Performance Istanbul Stock Exchange (12/2011 – 12/2016)
Equity valuations are getting more attractive
Looking at the equity market, Turkish equities are down by 15% year-to-date in US-Dollar terms underperforming Emerging stock markets by 23%. Meanwhile since the end of 3Q16, Turkish market is down by 18% in Dollar terms which implies an underperformance of 14% relative to Emerging markets pointing Turkey as the second-worst performer in the global Emerging Markets benchmark index (MSCI-EM) after Brazil. The Turkish equity market now trades at 8x Price-to-Earnings (P/E-ratio), with plus 20% expected Earnings-per-share growth, which is significantly lower than the historical P/E-average of 10x. The banking sector on the other hand trades with 0.7x Price-to-Bookvalue with 14% Return-on-equity for 2016 (expected), which makes the sector attractive compared to its peers. More importantly – according to Bloomberg – consensus estimates a 7% increase in earnings-per-share for banks and a 30% boost in bottom line profits for industrials in 2017.

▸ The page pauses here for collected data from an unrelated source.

Lemma is_arg_window v p a : is_arg v p -> exists2 q, is_arg v q & a <= q < a + pi *+ 2.
Proof.
move=> vp; pose T : R := pi *+ 2; have T_gt0 : 0 < T by rewrite mulrn_wgt0 ?pi_gt0.
pose m := Num.floor ((p - a) / T); exists (p - T *~ m).
  by case: m => k; rewrite ?NegzE ?mulrNz ?opprK ?is_arg_addn ?is_arg_subn.
have /andP[m_le m_gt] := floor_itv ((p - a) / T).
rewrite -/m ler_pdivlMr // in m_le.
rewrite -/m ltr_pdivrMr // intrD mulrDl mul1r in m_gt.
rewrite -mulrzl -/T; apply/andP; split; lra.
Qed.

Lemma norm2_gt0 v : v != (0, 0) -> 0 < v.1 ^+ 2 + v.2 ^+ 2.
Proof.
case: v => x y /= v_neq0; rewrite lt_def addr_ge0 ?sqr_ge0 // andbT.
by rewrite paddr_eq0 ?sqr_ge0 // !sqrf_eq0; apply: contra v_neq0 => /andP[/eqP-> /eqP->].
Qed.

Lemma angle_cos_itv v : v != (0, 0) ->
  -1 <= v.1 / Num.sqrt (v.1 ^+ 2 + v.2 ^+ 2) <= 1.
Proof.
move=> /norm2_gt0 n_gt0; have r_gt0 : 0 < Num.sqrt (v.1 ^+ 2 + v.2 ^+ 2) by rewrite sqrtr_gt0.
rewrite -ler_norml normrM normfV (gtr0_norm r_gt0) ler_pdivrMr // mul1r.
by rewrite -sqrtr_sqr ler_sqrt ?addr_ge0 ?sqr_ge0 // lerDl sqr_ge0.
Qed.

Lemma angle_is_arg v : v != (0, 0) -> is_arg v (angle v).
Proof.
move=> v_neq0; have c_itv := angle_cos_itv v_neq0; have := norm2_gt0 v_neq0.
case: v v_neq0 c_itv => x y /= v_neq0 c_itv n_gt0.
set r := Num.sqrt (x ^+ 2 + y ^+ 2) in c_itv *.
have r_gt0 : 0 < r by rewrite sqrtr_gt0.
have r2 : r ^+ 2 = x ^+ 2 + y ^+ 2 by rewrite sqr_sqrtr // ltW.
have r_sin : r * Num.sqrt (1 - (x / r) ^+ 2) = `|y|.
  have -> : 1 - (x / r) ^+ 2 = (y / r) ^+ 2.
    by rewrite !expr_div_n r2; field; rewrite -r2 sqrf_eq0 gt_eqF.
  by rewrite sqrtr_sqr normrM normfV (gtr0_norm r_gt0) mulrC mulfVK ?gt_eqF.
have r_cos : r * (x / r) = x by rewrite mulrC mulfVK ?gt_eqF.
rewrite /angle /= -/r; exists r => //; case: ifP => y_ge0.
  by rewrite acosK ?inE // sin_acos //; congr (_, _); rewrite ?r_cos ?r_sin ?ger0_norm.
rewrite mulr_natl cosB sinB cos2pi sin2pi !mul1r !mul0r addr0 sub0r acosK ?inE //.
by rewrite sin_acos // mulrN r_sin ltr0_norm ?opprK ?r_cos // ltNge y_ge0.
Qed.

Lemma angle_itv v : v != (0, 0) -> 0 <= angle v < pi *+ 2.
Proof.
move=> v_neq0; have c_itv := angle_cos_itv v_neq0; have := norm2_gt0 v_neq0.
case: v v_neq0 c_itv => x y /= v_neq0 c_itv n_gt0.
set r := Num.sqrt (x ^+ 2 + y ^+ 2) in c_itv *.
have r_gt0 : 0 < r by rewrite sqrtr_gt0.
have pi_gt0 := pi_gt0 R; have acos_le := acos_lepi c_itv.
rewrite /angle /= -/r mulr_natl; case: ifP => y_ge0.
  by rewrite acos_ge0 //= (le_lt_trans acos_le) // mulr2n ltrDl.
suff : 0 < acos (x / r) by move=> acos_gt0; apply/andP; split; lra.
rewrite acos_gt0 // (andP c_itv).1 /= lt_neqAle (andP c_itv).2 andbT.
apply/eqP => x_r; move: y_ge0; suff -> : y = 0 by rewrite lexx.
have x_eq : x = r by rewrite -[x](divfK (lt0r_neq0 r_gt0)) x_r mul1r.
have r2 : r ^+ 2 = x ^+ 2 + y ^+ 2 by rewrite sqr_sqrtr // ltW.
have : y ^+ 2 = 0 by rewrite x_eq in r2; lra.
by move/eqP; rewrite sqrf_eq0 => /eqP.
Qed.

Lemma is_arg_angle_eq v w p : is_arg v p -> is_arg w p -> angle v = angle w.
Proof.
suff angle_arg u : is_arg u p ->
    angle u = if 0 <= sin p then acos (cos p) else 2 * pi - acos (cos p).
  by move=> /angle_arg -> /angle_arg ->.
move=> [r r_gt0 ->]; rewrite /angle /= !exprMn -mulrDr cos2Dsin2 mulr1.
by rewrite sqrtr_sqr gtr0_norm // [r * cos p]mulrC mulfK ?gt_eqF // pmulr_rge0.
Qed.

End Argument.

Section Lifting.
Variable R : realType.
Notation item := (linf R * R)%type.
Implicit Types (x y e : item) (s A B X Y : seq item).

(* An item pairs a function with a real lift of the argument of its vector; in a lifted
   list these lifts increase and all lie within one turn of each other. *)
Definition lift_ok x : Prop := pos_slope x.1 /\ is_arg (lf_vec x.1) x.2.
Definition within_turn x y : bool := (x.2 <= y.2) && (y.2 <= x.2 + pi *+ 2).
Definition lifted s : Prop := {in s, forall x, lift_ok x} /\ pairwise within_turn s.
Definition add_turn x : item := (x.1, x.2 + pi *+ 2).
Definition lift_rot k s := drop k s ++ map add_turn (take k s).

Lemma map_fst_add_turn s : map fst (map add_turn s) = map fst s.
Proof. by rewrite -map_comp. Qed.

Lemma map_fst_lift_rot k s : map fst (lift_rot k s) = rot k (map fst s).
Proof. by rewrite /lift_rot map_cat map_fst_add_turn map_drop map_take. Qed.

Lemma lift_ok_pos_slope s : {in s, forall x, lift_ok x} -> all pos_slope (map fst s).
Proof. by move=> s_ok; apply/allP => f /mapP[x /s_ok[x_pos _] ->]. Qed.

Lemma within_turn_refl x : within_turn x x.
Proof. by rewrite /within_turn lexx lerDl mulrn_wge0 // pi_ge0. Qed.

Lemma lifted_head_turn x s : lifted (x :: s) -> {in x :: s, forall z, within_turn x z}.
Proof.
case=> _ /= /andP[/allP x_s _] z; rewrite inE => /predU1P[->|/x_s //].
exact: within_turn_refl.
Qed.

Turkey attractive for long term investors
All in all, after being dominated heavily by local politics, the Turkish market has now reached a turning point and considering the Earnings-per-share-growth and positive macro-economic growth outlook Turkey offers upside potential in the longer term – unless we see jittery on the political side. Turkey’s structural problems coupled with the global financial conditions may lead Turkey to grow less than its potential growth rate of 4.5%. The failed coup attempt and Moody’s rate cut decision has put additional pressure on Turkish assets in the short term. However, structural reforms and the easing of domestic politics will be much more important for Turkey’s growth prospects in the medium term. Considering the equity valuations, Turkey still trades at very attractive levels for longer term investors.